Mattia Jona, Master Drawings and Prints, Japanese Prints - Piazzetta Guastalla 5, 20122 Milan, Italy, tel (+39) 02 8053315


Piccio, a group of figures

Attributed to GIOVANNI CARNOVALI called IL PICCIO (Montegrino Valtravaglia 1804 – Coltaro di Sissa Parmense 1873) A GROUP OF FIGURE (recto) A STANDING BOY WITH A GOAT-SKIN (verso)
Black chalk heightened with white, on blue paper; 181 x 122 mm. The drawing on the recto fits well Piccio's graphic style; not so much the drawing on the verso. Maybe the drawing on the verso is by a different hand or, perhaps, both the drawings are by an artist very near to Piccio (the name of Giacomo Trécourt has been suggested), but not by him. My warmest thanks to Gioachino Santagiuliana for his suggestions about this drawing.

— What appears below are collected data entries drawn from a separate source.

(* Let $A:\mathbb{R}^n\rightrightarrows\mathbb{R}^n$ be a maximally monotone symmetric linear relation, $a,b\in\mathbb{R}^n$, $c\in\mathbb{R}$, $r>0$, and define the generalized linear-quadratic function $$f(x)=\frac r2\langle x-a,A(x-a)\rangle+\langle b,x\rangle+c$$ (with $f(x)=\infty$ when $x-a\notin\operatorname{dom}A$). Then for every $x\in\mathbb{R}^n$, $$e_rf(x)=r\,q_{(\operatorname{Id}+A^{-1})^{-1}}\Big(x-a-\frac br\Big)+\langle b,x\rangle-\frac1r q(b)+c.$$
   Context: A linear relation is an operator $A:\mathbb{R}^n\rightrightarrows\mathbb{R}^n$ whose graph $\{(x,x^* ):x^*\in Ax\}$ is a linear subspace of $\mathbb{R}^n\times\mathbb{R}^n$. $A$ is monotone if $\langle x^*-y^*,x-y\rangle\ge0$ for all $(x,x^* ),(y,y^* )$ in its graph, maximally monotone if no monotone operator has a strictly larger graph, and symmetric if $\langle x,y^*\rangle=\langle y,x^*\rangle$ for all $(x,x^* ),(y,y^* )\in\operatorname{gra}A$. $A^{-1}$ is the set-valued inverse. For a monotone linear relation $B$, $q_B(x)=\frac12\langle x,Bx\rangle$ if $x\in\operatorname{dom}B$ (single-valued) and $\infty$ otherwise. $q=\frac12\|\cdot\|^2$. The Moreau envelope is $e_rf(x)=\inf_y\{f(y)+\frac r2\|y-x\|^2\}$. *)

From mathcomp Require Import all_boot all_order all_algebra.
From mathcomp Require Import all_classical all_reals ereal.
Set Implicit Arguments. Unset Strict Implicit. Unset Printing Implicit Defensive.
Import Order.TTheory GRing.Theory Num.Theory.
Local Open Scope classical_set_scope.
Local Open Scope ring_scope.

Section Defs.
Variables (R : realType) (n : nat).
Local Notation V := 'rV[R]_n.

Definition dot (u v : V) : R := \sum_(i < n) u 0 i * v 0 i.

Definition qn (v : V) : R := 2^-1 * dot v v.

(* set-valued operators on R^n, given by their graph: rel x x* means x* \in A x *)
Definition relation := V -> V -> Prop.

Definition linear_relation (A : relation) : Prop :=
  A 0 0 /\
  (forall x xs y ys, A x xs -> A y ys -> A (x + y) (xs + ys)) /\
  (forall (k : R) x xs, A x xs -> A (k *: x) (k *: xs)).

Definition mono_rel (A : relation) : Prop :=
  forall x xs y ys, A x xs -> A y ys -> 0 <= dot (xs - ys) (x - y).

Definition max_mono_rel (A : relation) : Prop :=
  mono_rel A /\
  forall B : relation, mono_rel B -> (forall x xs, A x xs -> B x xs) ->
    forall x xs, B x xs -> A x xs.

Definition symmetric_rel (A : relation) : Prop :=
  forall x xs y ys, A x xs -> A y ys -> dot x ys = dot y xs.

Definition dom (A : relation) : set V := [set x | exists xs, A x xs].

Definition rinv (A : relation) : relation := fun x xs => A xs x.

Definition id_plus (A : relation) : relation :=
  fun x y => exists z, A x z /\ y = x + z.

(* q_B(x) = 1/2 <x, Bx> if x \in dom B (independent of the chosen element of
   Bx for a mono_rel linear relation), +oo otherwise *)
Definition qB (B : relation) (x : V) : \bar R :=
  if pselect (dom B x) then (2^-1 * dot x (xget 0 [set y | B x y]))%:E
  else +oo%E.

Definition moreau_env (r : R) (f : V -> \bar R) (x : V) : \bar R :=
  ereal_inf [set (f y + (r / 2 * dot (y - x) (y - x))%:E)%E | y in [set: V]].

End Defs.

From mathcomp Require Import all_boot all_order all_algebra.
From mathcomp Require Import all_classical all_reals ereal.
From mathcomp Require Import lra ring.
Import Order.TTheory GRing.Theory Num.Theory.
Local Open Scope classical_set_scope.
Local Open Scope ring_scope.

(* Minty's theorem for the linear relation A, proved by adding to its graph a
   pair (w, w) with w orthogonal to the range of Id + A, splits
   u := x - a - r^-1 b as u = z + v with v in A z, i.e. v in (Id + A^-1)^-1 u.
   Completing the square in b, the Moreau objective at y = p + a, ps in A p,
   is (r/2) (<p, ps> + |p - u|^2) plus the constant <b, x> - q(b)/r + c, and
   symmetry of A gives
     <p, ps> + |p - u|^2 = <u, v> + <p - z, ps - v> + |p - z|^2 >= <u, v>,
   with equality at p = z.  The infimum is thus attained at y = z + a, where
   it equals r q_{(Id + A^-1)^-1}(u) + <b, x> - q(b)/r + c. *)

Section RowSpace.
Context {F : fieldType} {n : nat}.
Implicit Types (S : set 'rV[F]_n) (u : 'rV[F]_n).

Definition linear_subspace S :=
  [/\ S 0, forall u v, S u -> S v -> S (u + v) & forall k u, S u -> S (k *: u)].

Definition rows_in S {m} (M : 'M[F]_(m, n)) := forall i, S (row i M).

Lemma subspace_rowspace S m (M : 'M_(m, n)) u :
  linear_subspace S -> rows_in S M -> (u <= M)%MS -> S u.
Proof.
case=> S0 SD SZ SM /submxP[D ->]; rewrite mulmx_sum_row.
by apply: (big_ind S S0 SD) => i _; apply: SZ.
Qed.

Lemma rows_in_col_mx S m (M : 'M_(m, n)) u :
  rows_in S M -> S u -> rows_in S (col_mx M u).
Proof.
move=> SM Su i; rewrite -(splitK i); case: (fintype.split i) => j /=.
  by rewrite rowKu.
by rewrite rowKd ord1 row_id.
Qed.

Lemma subspace_spanned S : linear_subspace S ->
  exists m (M : 'M_(m, n)), forall u, S u <-> (u <= M)%MS.
Proof.
move=> subS; apply: contrapT => nospan.
suff /(_ n.+1) [m [M [_ /leq_trans/(_ (rank_leq_col M))]]] :
    forall k, exists m (M : 'M_(m, n)), rows_in S M /\ (k <= \rank M)%N.
  by rewrite ltnn.
elim=> [|k [m [M [SM rkM]]]]; first by exists 0%N, 0; split=> [[]|].
have [s [Ss sNM]] : exists s, S s /\ ~~ (s <= M)%MS.
  apply: contrapT => allM; apply: nospan; exists m, M => u.
  split; last exact: subspace_rowspace.
  by move=> Su; apply: contrapT => /negP uNM; apply: allM; exists u.
exists (m + 1)%N, (col_mx M s); split; first exact: rows_in_col_mx.
apply: leq_ltn_trans rkM _; apply: rank_ltmx.
by rewrite ltmxE -addsmxE addsmxSl /= col_mx_sub negb_and sNM orbT.
Qed.
End RowSpace.

Section LinearRelations.
Context {R : realType} {n : nat}.
Local Set Implicit Arguments. Local Unset Strict Implicit.
Implicit Types (A B : relation R n) (a b p ps u v w x y z : 'rV[R]_n).

Lemma dotC u v : dot u v = dot v u.
Proof. by apply: eq_bigr => i _; rewrite mulrC. Qed.

Lemma dotDl u v w : dot (u + v) w = dot u w + dot v w.
Proof. by rewrite /dot -big_split; apply: eq_bigr => i _; rewrite mxE mulrDl. Qed.

Lemma dotZl (k : R) u w : dot (k *: u) w = k * dot u w.
Proof. by rewrite /dot mulr_sumr; apply: eq_bigr => i _; rewrite mxE mulrA. Qed.

Lemma dotNl u w : dot (- u) w = - dot u w.
Proof. by rewrite -scaleN1r dotZl mulN1r. Qed.

Lemma dotBl u v w : dot (u - v) w = dot u w - dot v w.
Proof. by rewrite dotDl dotNl. Qed.

Lemma dotDr u v w : dot w (u + v) = dot w u + dot w v.
Proof. by rewrite dotC dotDl !(dotC w). Qed.

Lemma dotZr (k : R) u w : dot w (k *: u) = k * dot w u.
Proof. by rewrite dotC dotZl dotC. Qed.

Lemma dotNr u w : dot w (- u) = - dot w u.
Proof. by rewrite dotC dotNl dotC. Qed.

Lemma dotBr u v w : dot w (u - v) = dot w u - dot w v.
Proof. by rewrite dotDr dotNr. Qed.

Lemma dot0l u : dot 0 u = 0.
Proof. by rewrite -(scale0r 0) dotZl mul0r. Qed.

Lemma dot_ge0 u : 0 <= dot u u.
Proof. by apply: sumr_ge0 => i _; rewrite -expr2 sqr_ge0. Qed.

Lemma dot_eq0 u : (dot u u == 0) = (u == 0).
Proof.
apply/idP/eqP => [|->]; last by rewrite dot0l.
rewrite psumr_eq0 => [/allP u0|i _]; last by rewrite -expr2 sqr_ge0.
apply/rowP => i; rewrite mxE.
by have /implyP/(_ isT) := u0 i (mem_index_enum i); rewrite mulf_eq0 orbb => /eqP.
Qed.

Lemma dot_mx u v : dot u v = (u *m v^T) 0 0.
Proof. by rewrite mxE; apply: eq_bigr => i _; rewrite mxE. Qed.

Lemma dot_symmetric_expansion p ps z v : dot ps z = dot p v ->
  dot p ps + dot (p - (z + v)) (p - (z + v)) =
  dot (z + v) v + (dot (p - z) (ps - v) + dot (p - z) (p - z)).
Proof.
move=> sym; rewrite !(dotDl, dotDr, dotNl, dotNr).
rewrite (dotC z p) (dotC v p) (dotC v z) (dotC z ps) sym; lra.
Qed.

Lemma subspace_orthogonal (S : set 'rV[R]_n) :
  linear_subspace S -> ~ (forall u, S u) ->
  exists2 w, w != 0 & forall s, S s -> dot w s = 0.
Proof.
move=> /subspace_spanned[m [M SM]] notT.
have [Mfull|MNfull] := boolP (row_full M).
  by case: notT => u; apply/SM/submx_full.
have /rowV0Pn[w /sub_kermxP wM w0] : kermx M^T != 0.
  rewrite -mxrank_eq0 mxrank_ker mxrank_tr subn_eq0 -ltnNge.
  by rewrite ltn_neqAle rank_leq_col andbT.
exists w => // s /SM/submxP[D ->].
by rewrite dot_mx trmx_mul mulmxA wM mul0mx mxE.
Qed.

Lemma linear_relation_range A :
  linear_relation A -> linear_subspace [set y | exists x, A x y].
Proof.
case=> A0 [AD AZ]; split; first by exists 0.
  by move=> y1 y2 [x1 h1] [x2 h2]; exists (x1 + x2); apply: AD.
by move=> k y [x h]; exists (k *: x); apply: AZ.
Qed.

Lemma linear_relation_rinv A : linear_relation A -> linear_relation (rinv A).
Proof.
case=> A0 [AD AZ]; split=> //.
by split=> [x xs y ys hx hy|k x xs hx]; [apply: AD|apply: AZ].
Qed.

Lemma linear_relation_id_plus A : linear_relation A -> linear_relation (id_plus A).
Proof.
case=> A0 [AD AZ]; split; first by exists 0; rewrite addr0.
split=> [x _ y _ [xs [hx ->]] [ys [hy ->]]|k x _ [xs [hx ->]]].
  by exists (xs + ys); rewrite addrACA; split=> //; apply: AD.
by exists (k *: xs); rewrite scalerDr; split=> //; apply: AZ.
Qed.

Lemma mono_rel_rinv A : mono_rel A -> mono_rel (rinv A).
Proof. by move=> monoA x xs y ys hx hy; rewrite dotC; apply: monoA. Qed.

Lemma mono_rel_id_plus A : mono_rel A -> mono_rel (id_plus A).
Proof.
move=> monoA x _ y _ [xs [hx ->]] [ys [hy ->]].
rewrite opprD addrACA dotDl; apply: addr_ge0; first exact: dot_ge0.
exact: monoA.
Qed.

Lemma mono_linear_dot_ge0 A x xs :
  linear_relation A -> mono_rel A -> A x xs -> 0 <= dot xs x.
Proof. by case=> A0 _ monoA hx; have := monoA _ _ _ _ hx A0; rewrite !subr0. Qed.

(* Monotonicity against the whole line [A 0 (t *: d)] forces [dot d x = 0]. *)
Lemma mono_linear_orth A d x xs :
  linear_relation A -> mono_rel A -> A 0 d -> A x xs -> dot d x = 0.
Proof.
case=> _ [_ AZ] monoA hd hx.
have le_te t : t * dot d x <= dot xs x.
  have := monoA _ _ _ _ (AZ t _ _ hd) hx.
  by rewrite scaler0 sub0r dotNr dotBl dotZl; lra.
apply/eqP; apply: contraT => dx_neq0.
by have := le_te ((dot xs x + 1) / dot d x); rewrite divfK //; lra.
Qed.

Lemma qB_eq B x xs :
  linear_relation B -> mono_rel B -> B x xs -> qB B x = (2^-1 * dot x xs)%:E.
Proof.
move=> linB monoB hx; rewrite /qB; case: pselect => [domx|]; last by case; exists xs.
have hy : B x (xget 0 [set y | B x y]) by apply: xgetPex.
have [_ [BD BZ]] := linB.
have hd : B 0 (xget 0 [set y | B x y] - xs).
  by have := BD _ _ _ _ hy (BZ (-1) _ _ hx); rewrite !scaleN1r subrr.
have := mono_linear_orth linB monoB hd hx.
by rewrite dotBl !(dotC _ x) => /eqP; rewrite subr_eq0 => /eqP ->.
Qed.

Lemma max_mono_rel_mem A w ws : max_mono_rel A ->
  (forall x xs, A x xs -> 0 <= dot (xs - ws) (x - w)) -> A w ws.
Proof.
move=> [monoA maxA] hw.
pose B x xs := A x xs \/ x = w /\ xs = ws.
apply: (maxA B) => [x xs y ys [hx|[-> ->]] [hy|[-> ->]]||]; last by right.
- exact: monoA.
- exact: hw.
- by rewrite -[ws - _]opprB -[w - _]opprB dotNl dotNr opprK; apply: hw.
- by rewrite subrr dot0l.
- by move=> x xs; left.
Qed.

Lemma id_plus_surjective A : linear_relation A -> max_mono_rel A ->
  forall u, exists x, id_plus A x u.
Proof.
move=> linA maxA; apply: contrapT => /existsNP[u0 /forallNP Nu0].
have rangeS := linear_relation_range (linear_relation_id_plus linA).
have [w w_neq0 w_orth] :
    exists2 w, w != 0 & forall s, (exists x, id_plus A x s) -> dot w s = 0.
  by apply: subspace_orthogonal rangeS _ => /(_ u0)[x]; apply: Nu0.
have orth x xs : A x xs -> dot w x + dot w xs = 0.
  by move=> hx; rewrite -dotDr; apply: w_orth; exists x, xs.
have Aww : A w w.
  apply: max_mono_rel_mem => // x xs hx.
  have := mono_linear_dot_ge0 linA maxA.1 hx; have := orth _ _ hx.
  have := dot_ge0 w; rewrite !(dotBl, dotBr) (dotC xs w); lra.
have := orth _ _ Aww; rewrite -mulr2n => /eqP.
by rewrite mulrn_eq0 dot_eq0 (negPf w_neq0).
Qed.

Lemma mono_symmetric_envelope_lb A z v p ps : mono_rel A -> symmetric_rel A ->
  A z v -> A p ps -> dot (z + v) v <= dot p ps + dot (p - (z + v)) (p - (z + v)).
Proof.
move=> monoA symA Azv Apps.
have sym : dot ps z = dot p v by rewrite dotC (symA _ _ _ _ Apps Azv).
rewrite (dot_symmetric_expansion sym) lerDl addr_ge0 ?dot_ge0 //.
by rewrite dotC; apply: monoA.
Qed.

Lemma moreau_env_attained (r : R) (f : 'rV[R]_n -> \bar R) x y0 :
  (forall y, (f y0 + (r / 2 * dot (y0 - x) (y0 - x))%:E
              <= f y + (r / 2 * dot (y - x) (y - x))%:E)%E) ->
  moreau_env r f x = (f y0 + (r / 2 * dot (y0 - x) (y0 - x))%:E)%E.
Proof.
move=> y0_min; apply/le_anti/andP; split; first by apply: ereal_inf_lbound; exists y0.
by apply/ereal_infP => _ [y _ <-]; apply: y0_min.
Qed.

Lemma dot_complete_square (r : R) b x y : r != 0 ->
  dot b y + r / 2 * dot (y - x) (y - x) =
  r / 2 * dot (y - x + r^-1 *: b) (y - x + r^-1 *: b) + (dot b x - r^-1 * qn b).
Proof.
move=> r0; rewrite /qn !(dotDl, dotDr, dotNl, dotNr, dotZl, dotZr).
by rewrite (dotC x y) (dotC y b) (dotC x b); field.
Qed.

Lemma moreau_objective_shift (r c : R) a b x p ps : r != 0 ->
  r * (2^-1 * dot p ps) + (dot b (p + a) + c) + r / 2 * dot (p + a - x) (p + a - x) =
  r / 2 * (dot p ps + dot (p - (x - a - r^-1 *: b)) (p - (x - a - r^-1 *: b)))
  + (dot b x - r^-1 * qn b + c).
Proof.
move=> r0; have := dot_complete_square b x (p + a) r0.
have -> : p + a - x + r^-1 *: b = p - (x - a - r^-1 *: b).
  by rewrite !opprD !opprK !addrA (addrAC p a).
rewrite mulrA mulrDr; lra.
Qed.

End LinearRelations.

Theorem theorem4p46 (R : realType) (n : nat) (A : relation R n)
  (a b : 'rV[R]_n) (c r : R) :
  linear_relation A -> max_mono_rel A -> symmetric_rel A -> 0 < r ->
  let f : 'rV[R]_n -> \bar R :=
    fun x => (r%:E * qB A (x - a) + (dot b x + c)%:E)%E in
  forall x : 'rV[R]_n,
    moreau_env r f x =
    (r%:E * qB (rinv (id_plus (rinv A))) (x - a - r^-1 *: b)
       + (dot b x - r^-1 * qn b + c)%:E)%E.
Proof.
move=> linA maxA symA r_gt0 f x; have r_neq0 : r != 0 by rewrite gt_eqF.
set u := x - a - r^-1 *: b.
have [z [v [Azv uE]]] := id_plus_surjective linA maxA u.
have linB := linear_relation_rinv (linear_relation_id_plus (linear_relation_rinv linA)).
have monoB := mono_rel_rinv (mono_rel_id_plus (mono_rel_rinv maxA.1)).
have Buv : rinv (id_plus (rinv A)) u v by exists z; rewrite uE addrC.
have objective p ps : A p ps ->
    (f (p + a)%R + (r / 2 * dot (p + a - x) (p + a - x))%:E)%E =
    (r / 2 * (dot p ps + dot (p - u) (p - u)) + (dot b x - r^-1 * qn b + c))%:E.
  move=> Apps; rewrite /f addrK (qB_eq linA maxA.1 Apps) -EFinM -!EFinD.
  by rewrite moreau_objective_shift.
have objective_z : dot z v + dot (z - u) (z - u) = dot u v.
  by rewrite uE (dot_symmetric_expansion (dotC v z)) subrr !dot0l !addr0.
rewrite (qB_eq linB monoB Buv) (moreau_env_attained (y0 := (z + a)%R)) => [|y].
  by rewrite (objective _ _ Azv) objective_z -mulrA -EFinM -EFinD.
rewrite (objective _ _ Azv) objective_z -(subrK a y).
case: (pselect (dom A (y - a))) => [[ps Aps]|ndom].
  rewrite (objective _ _ Aps) lee_fin lerD2r ler_pM2l ?divr_gt0 // uE.
  exact: mono_symmetric_envelope_lb maxA.1 symA Azv Aps.
rewrite /f addrK; have -> : qB A (y - a) = +oo%E by rewrite /qB; case: pselect.
by rewrite gt0_muley ?lte_fin // !addye // leey.
Qed.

A student of Giuseppe Diotti, a rigorous neoclassicist, at the Accademia Carrara in Bergamo, il Piccio was also influenced by Andrea Appiani. An artist of restless temperament, il Piccio preferred portraiture and landscape painting to historical or sacred subjects, thus breaking away from the academic tradition. He developed a personal style with impressionistic qualities that anticipated the Scapigliatura painters. Trécourt was another student under Diotti at the Accademia Carrara in Bergamo, where he met Il Piccio, with whom he remained friend all his life. creating a romantic current within the significant school of Bergamo, which included other followers of Diotti, like Francesco Coghetti and Enrico Scuri.